File size is big but the files are easy to read on most computers. The EX-Z70 uses the simple motion JPEG format, which wastes a lot of file space compared to the more advanced (but unrelated) MPEG formats. Motion JPEG makes no use of motion vectors and is not as efficient for encoding video. The Casio EX-Z850, EX-Z750 and EX-S600 make the same 10 second file with Normal quality only using 2.7 MB of file space, and those cameras have higher video resolution as well (640 x0 480 vs. 512 x 384).

BATTERY LIFE: I haven't killed it yet after 200 shots on my first charge.

DATA:

Transfer: slow: 25 seconds to transfer 20 MB or 14 photos. it's only the old USB 1.1 standard (12 Mb/s, not 480 Mb/s!) This drives me nuts and is why I suggest other cameras with fast transfer times like the Casio EX-S600, Canon SD550 or Canon SD700.

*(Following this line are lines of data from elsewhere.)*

Lemma sorted_leq_last s x : sorted leq s -> x \in s -> x <= last 0 s.
Proof.
move=> s_sorted x_in; rewrite -(nth_index 0 x_in) -nth_last.
have s_gt0 : 0 < size s by case: s x_in s_sorted.
apply: sorted_leq_nth; rewrite ?inE ?index_mem ?prednK //; first exact: leq_trans.
by rewrite -ltnS prednK // index_mem.
Qed.

Lemma leq_sumn s x : x \in s -> x <= sumn s.
Proof.
elim: s => [|y s IH] //=; rewrite inE => /orP[/eqP ->|/IH]; first exact: leq_addr.
by move/leq_trans; apply; apply: leq_addl.
Qed.

Lemma last_leq_sumn s : last 0 s <= sumn s.
Proof. by have := mem_last 0 s; rewrite inE => /orP[/eqP ->|/leq_sumn]. Qed.

Lemma part_leq_partition n s x : is_partition n s -> x \in s -> x <= n.
Proof. by case/and3P => _ _ /eqP <-; apply: leq_sumn. Qed.

Lemma size_leq_partition n s : is_partition n s -> size s <= n.
Proof.
case/and3P => _ + /eqP <-; elim: s => //= x s IH /andP[x_gt0 /IH]; lia.
Qed.

(** * Non-squashing partitions *)

Lemma non_squashing_rcons s x :
  non_squashing (rcons s x) = non_squashing s && (sumn s <= x).
Proof.
rewrite /non_squashing size_rcons.
case size_s: (size s) => [|m]; first by rewrite (size0nil size_s).
have -> : iota 1 m.+2.-1 = iota 1 m ++ [:: m.+1] by rewrite -(iotaD 1 m 1) addn1.
rewrite all_cat /= andbT -cats1.
congr andb.
  apply: eq_in_all => j; rewrite mem_iota => /andP[_ j_lt].
  by rewrite takel_cat ?nth_cat ?ifT //; lia.
by rewrite -size_s take_size_cat // nth_cat ltnn subnn.
Qed.

Definition ns_partition n s := is_partition n s && non_squashing s.

Lemma ns_partition_rcons n s x :
  ns_partition n (rcons s x) =
  (x == n - sumn s) && [&& ns_partition (sumn s) s, (sumn s).*2 <= n & 0 < n].
Proof.
rewrite /ns_partition /is_partition non_squashing_rcons sorted_leq_rcons.
rewrite all_rcons sumn_rcons eqxx andbT -addnn.
have := last_leq_sumn s.
case: (sorted leq s); case: (all _ s); case: (non_squashing s); rewrite /= ?andbF //.
by move=> ?; apply/idP/idP; lia.
Qed.

Lemma a_count n k : a n k = count (ns_partition n) (seqs_below n.+1 k).
Proof. exact: card_tuples_map_val. Qed.

Lemma a0 n : a n 0 = (n == 0).
Proof. by rewrite a_count /= addn0 /ns_partition /is_partition /= andbT eq_sym. Qed.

Formatting: My 1GB 32x Lexar SD card reformats in 10 seconds. My 2 GB Sandisk Extreme II reformats in 6.3 seconds. My old 256MB Sandisk blue card formats in a couple of seconds.

Best Shot Editor

Hackers will want to try this to create and edit their own best shot modes.

RECOMENDATIONS

The EX-Z70 is a swell camera that's easy to love. It weighs the same as the higher-end cameras, but has a little bigger size. This means it's less dense, and feels like it weighs less in your pocket.

It looks great and works wonderfully. I'd be all over it, except that at $249 it's very close in price to much better models. if your budget is $249 then go for it. If you have $299, go for a Casio EX-S600 or Canon SD550.